Enrique Dehaerne et al. [9] analyzed 37 publications
sourced from the arXiv and IEEE Xplore databases, which were based on
projects in which ML models were trained on programming language data to
produce code. They identified three main paradigms of code generation:
description-to-code, code-to-description, and code-to-code. These papers
primarily focused on ML applications such as generating code from
natural language descriptions, documentation generation, and automatic
program repair. Commonly used ML models for these research projects
include recurrent neural networks, transformers, and convolutional
neural networks, along with various other neural network architectures
and non-neural techniques. Comparisons of model types, tokenizers, data
volume and quality, and evaluation methods for synthesized code were
also discussed in this review. Presently, researchers are focused on
generating code from requirement documents; however, existing methods
often struggle with requirements that demand intricate problem-solving
abilities. Zejie Liu et al. [10] introduced a novel method
for generating source code from flowcharts along with textual
descriptions. The researchers manually curated a benchmark dataset
comprising 320 flowcharts paired with their source codes.
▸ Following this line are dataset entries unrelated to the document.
(* Let $W:\mathbb{R}\to\mathbb{R}$ be an AWGN channel with noise variance $\sigma_W^2>0$, i.e. for input $x$ the output is distributed as $\mathcal{N}(x,\sigma_W^2)$. Let $P>0$ and, for each $n$, let $e_{0,n}:\{0,1\}^{l_n}\to\mathbb{R}^n$ be an encoder satisfying $\frac1n\|e_{0,n}(v)\|_2^2\le P$ for all $v\in\{0,1\}^{l_n}$. Let $W_{e_{0,n}}:\{0,1\}^{l_n}\to\mathbb{R}^n$ be the channel whose output given input $v$ is $e_{0,n}(v)+N$ with $N\sim\mathcal{N}(0,\sigma_W^2 I_n)$. Then for every $0<\delta<1/2$, with $\epsilon_n=e^{-n\delta^2/8}$, \[ I_{\max}^{\epsilon_n}(W_{e_{0,n}})\le \frac n2\log\Big(1+\delta+\frac{P}{\sigma_W^2}\Big)+\frac{n\delta\log e}{2}+o(n)\quad\text{as } n\to\infty, \] with logarithms to base 2.
   Context: For a (possibly subnormalized) channel $V$ from a finite set $\mathcal{V}$ to $\mathbb{R}^n$ with densities $\omega(z\mid v)$ w.r.t. Lebesgue measure, its max-information is $I_{\max}(V)=\log_2\int_{\mathbb{R}^n}\max_{v\in\mathcal{V}}\omega(z\mid v)\,dz$. For measurable $\mathcal{T}\subseteq\mathcal{V}\times\mathbb{R}^n$, $V_{\mathcal{T}}$ is the subnormalized channel with density $\omega_{\mathcal{T}}(z\mid v)=\omega(z\mid v)$ if $(v,z)\in\mathcal{T}$ and $0$ otherwise. The $\epsilon$-smooth max-information $I_{\max}^{\epsilon}(V)$ is the infimum of $I_{\max}(V_{\mathcal{T}})$ over all such $\mathcal{T}$ with $V(\{z:(v,z)\in\mathcal{T}\}\mid v)\ge 1-\epsilon$ for every $v\in\mathcal{V}$. *)

From HB Require Import structures.
From mathcomp Require Import all_boot all_order all_algebra.
From mathcomp Require Import all_classical all_reals all_analysis.

Set Implicit Arguments.
Unset Strict Implicit.
Unset Printing Implicit Defensive.

Import Order.TTheory GRing.Theory Num.Theory.
Local Open Scope classical_set_scope.
Local Open Scope ring_scope.

Section Defs.
Variable R : realType.

Definition log2 (x : R) : R := ln x / ln 2.

Definition elog2 (x : \bar R) : \bar R :=
  match x with
  | EFin r => if (0 < r)%R then EFin (log2 r) else -oo
  | +oo => +oo
  | -oo => -oo
  end%E.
Adapting
existing approaches to this new task has its challenges due to the
distinctive nature of flowcharts containing various elements and the
multiple connections between nodes within them. To address these
challenges, The researchers have proposed a two-stage code generation
model. In the first stage, a structure recognition algorithm is used to
translate the flowchart into pseudo code. In the second stage, a code
generation model converts the pseudo-code into executable code. To
ensure a comprehensive understanding of algorithms, it is necessary to
devise methods for generating corresponding text descriptions. The study
conducted by Sagarika Ghosh et al. [11] aligns algorithms
in various forms, such as pseudocode and hand-drawn flowcharts, with
textual explanation. The researchers proposed rules for generating
pseudocode from hand-drawn flowcharts and a transfer learning method
based on S-DistilBERT to find the similarity score between different
forms of algorithms and their text descriptions. Block and line
identification, along with OCR were used to generate pseudo codes from
hand-drawn flowcharts. Experimental results indicate an 85% success
rate in generating equivalent pseudocode. Their fine-tuned S-DistilBERT
model achieved accuracies of 75.59% for matching existing pseudocode
and 74.57% for generated pseudocode with their corresponding textual
descriptions. The rules devised by the researchers have been found to be
suitable only for non-recursive flowcharts. In the research done byXiang-Hu Wu et al. [12 ], they proposed a structure
identification algorithm for structured flowcharts, verified for
correctness using enumeration iteration. An automatic code generation
algorithm was also introduced, which was validated through enumeration
iteration. Finally, an integrated development platform was developed
utilizing these algorithms, and incorporating flowchart modeling, code
automatic generation, and support for
CDT\GCC\GDB. The effectiveness of the
proposed algorithms were evaluated through practical implementation.